One recent blog post I read had me thinking a lot today about my blog and why I write. Many grieving parents blog; it is a great release and I personally believe that writing helps me work out some things in my mind. Some of the other babylost bloggers are not "out" to their friends and family. I can't say I blame them most of the time... I know sometimes the things I write here probably make people shake their heads, say I should be committed, or maybe they can't figure out why I'm still going on about things like they happened yesterday. It is hard to write when you know people who actually KNOW you are reading it. Grief is a very raw emotion and it doesn't always look pretty on paper. To those that have not been there, it may appear to make someone look crazy, even mentally unbalanced (and yes, there are moments that I know I am crazy and unbalanced). I've debated many times about starting a new blog that I only write for myself and who knows, maybe one day I will. For now, I figure I will continue to write here and if I offend anyone or they finally get tired of reading my crazed rantings, they'll just stop dropping by... I think grieving parents must censor themselves so much that we should at least get one avenue where we can be ranting, raving fools.
This week has been one of those weeks that make me understand the 80% divorce statistic that is always associated with bereaved parents (I'm not sure I believe that one; most couples I know are still together). I honestly don't think those people divorce because they no longer love each other...more so because they do. It is hard to watch someone you love hurt so much and not be able to fix it. I know that's a big issue for men...they live for fixing things and unfortunately, this is one of those things that just can't be fixed. We go back and forth in our relationship and this week has been one of the estranged weeks. Other weeks we can't seem to touch, hug, or spend enough time together. I guess it is all part of the roller coaster we are on....up, down, up, down...lather, rinse, repeat. I know my Jason is having a rough week and I'm not doing a good job being there for him. I am just not strong enough to be that person right now, if ever. Father's Day was a double hurt for him, having lost his dad and Eli too. His dad's birthday is also this week, so that doesn't make matters any easier. I have no idea what it feels like to lose a parent, so I don't know his pain. I can only wish I had a magic wand to make it all go away.

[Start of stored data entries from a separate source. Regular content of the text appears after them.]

(* Let $0<p<1$, $q=1-p$, let $\{X_i,i\geq 1\}$ be independent with $P\{X_i=1\}=p$, $P\{X_i=0\}=q$, and write $\lambda=1/\sqrt{pq}$. Let $\varepsilon>0$. Then for almost all $\omega$ there exists a finite $N_0=N_0(\omega,\varepsilon)$ such that for all $N\geq N_0$, $$M_N\geq \left\lfloor \log_{\lambda} N-\log_{\lambda}\log_{\lambda}\log_{\lambda} N+\log_{\lambda}\log_{\lambda} e-\log_{\lambda}2- 1- \varepsilon\right\rfloor .$$
   Context: For $m,n\in\mathbb N$ let $S_n^{(m)}:=\sum_{i=m+1}^{n+m-1}\big[(1-X_{i-1})X_i+X_{i-1}(1-X_i)\big]$ be the number of switches among $X_m,\ldots,X_{m+n-1}$. For $m,N\in\mathbb N$ and $n=1,\ldots,N$ let $H_{m,n}^{(N)}:=\bigcup_{i=m}^{m+N-n+1}\{S_n^{(i)}=n-1\}$, and $M_N^{(m)}:=\max_{1\leq n\leq N}\{n-1 : H_{m,n}^{(N)}\neq\emptyset\}$ (length of the longest consecutive switches in $X_m,\ldots,X_{m+N-1}$). Write $M_N:=M_N^{(1)}$. *)

From HB Require Import structures.
From mathcomp Require Import all_boot all_order all_algebra.
From mathcomp Require Import all_classical all_reals all_analysis.
Set Implicit Arguments. Unset Strict Implicit. Unset Printing Implicit Defensive.
Import Order.TTheory GRing.Theory Num.Theory.
Local Open Scope classical_set_scope.
Local Open Scope ring_scope.

Definition mutually_independent_rvs {d} {T : measurableType d} {R : realType}
  (P : probability T R) (X : nat -> T -> R) : Prop :=
  forall (s : seq nat) (B : nat -> set R),
    uniq s -> all (fun i => 0 < i)%N s ->
    (forall i, measurable (B i)) ->
    P (\bigcap_(i in [set` s]) (X i @^-1` B i)) =
    (\prod_(i <- s) P (X i @^-1` B i))%E.

Definition switches {T : Type} {R : realType} (X : nat -> T -> R)
  (n m : nat) (w : T) : R :=
  \sum_(m.+1 <= i < n + m)
     ((1 - X i.-1 w) * X i w + X i.-1 w * (1 - X i w)).

Definition inH {T : Type} {R : realType} (X : nat -> T -> R)
  (m n N : nat) (w : T) : bool :=
  has (fun i => switches X n i w == (n.-1)%:R) (iota m (N - n + 2)).

(* M_N^{(m)}(w) = max_{1 <= n <= N} {n-1 : w \in H_{m,n}^{(N)}} (0 if N = 0) *)
Definition longest_switches {T : Type} {R : realType} (X : nat -> T -> R)
  (m N : nat) (w : T) : nat :=
  \max_(1 <= n < N.+1 | inH X m n N w) n.-1.

Definition M {T : Type} {R : realType} (X : nat -> T -> R) (N : nat) (w : T)
  : nat := longest_switches X 1 N w.

Definition logb {R : realType} (b x : R) : R := ln x / ln b.

From HB Require Import structures.
From mathcomp Require Import all_boot all_order all_algebra.
From mathcomp Require Import all_classical all_reals all_analysis.
From mathcomp Require Import ring lra zify.
Set Implicit Arguments. Unset Strict Implicit. Unset Printing Implicit Defensive.
Import Order.TTheory GRing.Theory Num.Theory.
Local Open Scope classical_set_scope.
Local Open Scope ring_scope.

(* Cut the first T bits into blocks of 2n bits.  Inside a block the events
   "bits j and j+1 agree and an alternating window of length n starts at j+1"
   (j < n) are disjoint, each of probability at least (pq)^(n/2) = lam^-n, so a
   block contains no alternating window of length n with probability at most
   1 - n lam^-n, and the first T bits contain none with probability at most
   exp(-n lam^-n floor(T/2n)).  For T_n = floor(2 lam^(n+eps) ln(n-1)) this is
   O((n-1)^(-lam^eps)), summable since lam^eps > 1, so by Borel-Cantelli almost
   surely the first T_n bits contain an alternating window of length n for all
   large n.  Such a window gives M_N >= n - 1 once T_n <= N, and T_n <= N as soon
   as n - 1 is below the bound of the theorem. *)

Fixpoint bitseqs (n : nat) : seq (seq bool) :=
  if n is n'.+1 then [seq true :: s | s <- bitseqs n'] ++ [seq false :: s | s <- bitseqs n']
  else [:: [::]].

Lemma mem_bitseqs s : s \in bitseqs (size s).
Proof.
elim: s => [|b s IHs] /=; first by rewrite inE.
by rewrite mem_cat; case: b; apply/orP; [left|right]; apply/mapP; exists s.
Qed.

Section bernoulli_expectation.
Variables (R : realType) (p : R).

Definition bit_weight (b : bool) : R := if b then p else 1 - p.

Definition bweight (s : seq bool) : R := \prod_(b <- s) bit_weight b.

Fixpoint bexpect (n : nat) (F : seq bool -> R) : R :=
  if n is n'.+1 then
    p * bexpect n' (fun s => F (true :: s)) + (1 - p) * bexpect n' (fun s => F (false :: s))
  else F [::].

Lemma bexpectE n F : bexpect n F = \sum_(s <- bitseqs n) F s * bweight s.
Proof.
elim: n F => [|n IHn] F /=; first by rewrite big_seq1 /bweight big_nil mulr1.
rewrite !IHn big_cat !big_map !mulr_sumr.
by congr (_ + _); apply: eq_bigr => s _; rewrite /bweight big_cons mulrCA mulrA.
Qed.

Lemma eq_bexpect n F G :
  (forall s, size s = n -> F s = G s) -> bexpect n F = bexpect n G.
Proof.
elim: n F G => [|n IHn] F G FG /=; first exact: FG.
by congr (_ * _ + _ * _); apply: IHn => s hs; apply: FG; rewrite /= hs.
Qed.

Lemma bexpect_cst n c : bexpect n (fun _ => c) = c.
Proof. by elim: n => //= n IHn; rewrite IHn; ring. Qed.

Lemma bexpectD n F G :
  bexpect n (fun s => F s + G s) = bexpect n F + bexpect n G.
Proof. by elim: n F G => [|n IHn] F G //=; rewrite !IHn; ring. Qed.

Lemma bexpectB n F G :
  bexpect n (fun s => F s - G s) = bexpect n F - bexpect n G.
Proof. by elim: n F G => [|n IHn] F G //=; rewrite !IHn; ring. Qed.

Lemma bexpectZ n a F : bexpect n (fun s => a * F s) = a * bexpect n F.
Proof. by elim: n F => [|n IHn] F //=; rewrite !IHn; ring. Qed.

Lemma bexpect_sum (I : Type) (r : seq I) n (F : I -> seq bool -> R) :
  bexpect n (fun s => \sum_(i <- r) F i s) = \sum_(i <- r) bexpect n (F i).
Proof.
elim: r => [|i r IHr].
  by rewrite big_nil -[RHS](bexpect_cst n 0); apply: eq_bexpect => s _; rewrite big_nil.
transitivity (bexpect n (fun s => F i s + \sum_(j <- r) F j s)).
  by apply: eq_bexpect => s _; rewrite big_cons.
by rewrite bexpectD IHr big_cons.
Qed.

Lemma bexpect_cat m k F G :
  bexpect (m + k) (fun s => F (take m s) * G (drop m s)) = bexpect m F * bexpect k G.
Proof.
elim: m F => [|m IHm] F /=.
  by rewrite -bexpectZ; apply: eq_bexpect => s _; rewrite take0 drop0.
by rewrite (IHm (fun s => F (true :: s))) (IHm (fun s => F (false :: s))); ring.
Qed.

Lemma bexpect_take m k F : bexpect (m + k) (fun s => F (take m s)) = bexpect m F.
Proof.
rewrite -[RHS]mulr1 -(bexpect_cst k 1) -bexpect_cat.
by apply: eq_bexpect => s _; rewrite mulr1.
Qed.

Lemma bexpect_drop m k F : bexpect (m + k) (fun s => F (drop m s)) = bexpect k F.
Proof.
rewrite -[RHS]mul1r -(bexpect_cst m 1) -bexpect_cat.
by apply: eq_bexpect => s _; rewrite mul1r.
Qed.

Hypothesis p01 : 0 <= p <= 1.

Lemma ler_bexpect n F G :
  (forall s, size s = n -> F s <= G s) -> bexpect n F <= bexpect n G.
Proof.
case/andP: p01 => p0 p1.
elim: n F G => [|n IHn] F G FG /=; first exact: FG.
by rewrite lerD // ler_wpM2l ?subr_ge0 //; apply: IHn => s hs; apply: FG; rewrite /= hs.
Qed.

Lemma bexpect_ge0 n F : (forall s, size s = n -> 0 <= F s) -> 0 <= bexpect n F.
Proof. by move=> F0; rewrite -(bexpect_cst n 0); apply: ler_bexpect. Qed.

End bernoulli_expectation.

Section alternating_windows.
Local Open Scope nat_scope.
Implicit Types (t u v : seq bool) (a b : bool) (n m i j k : nat).

Definition alternating u := sorted (fun a b : bool => a != b) u.

Definition alt_window t n j := (j + n <= size t) && alternating (take n (drop j t)).

Definition has_alt_window t n := has (alt_window t n) (iota 0 (size t).+1).

Lemma alt_window_neq t n j k :
  alt_window t n j -> k.+1 < n -> nth false t (j + k) != nth false t (j + k).+1.
Proof.
case/andP=> jn /sortedP alt kn.
have sz : size (take n (drop j t)) = n by rewrite size_takel // size_drop; lia.
have := alt false k; rewrite sz kn => /(_ isT).
by rewrite !nth_take // ?(ltnW kn) // !nth_drop addnS.
Qed.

If I have learned anything in these past 5 months, it is never to say "I know how you feel" ever again. Each and every situation is unique. Even if you think you've been there, done that, it is not the same. I promise you, it is not the same at all. I only know how I feel and can imagine the pain others in my situation feel, but I won't know their exact pain. I can't even know my husband's pain and we shared a loss. I can only work through my own and hope to find ways that might make coping easier.
My other issue keeping me up tonight is hopelessness. I feel beaten down this week. I am having trouble finishing up the cook book and getting the federal application even started for the non profit. I honestly wish I could wipe the words spinal muscular atrophy from my mind and NEVER think about them EVER again. Why? It would be easier. I won't have to read about other sicks babies, learn of new angels, or hear about pregnant women finding out that their renewed efforts to have a healthy baby have been thwarted by the cruelty of SMA yet again. My heart is broken, shattered even, and all of that continued bad news just breaks another little piece of what I have left. This week, I don't want to think about SMA. I hate it. I hate what it has done to so many of the wonderful families I've met online during these past 5 months. I will battle through and get back to the fight so that my Eli did not die in vain, but for this week, I think I need a break.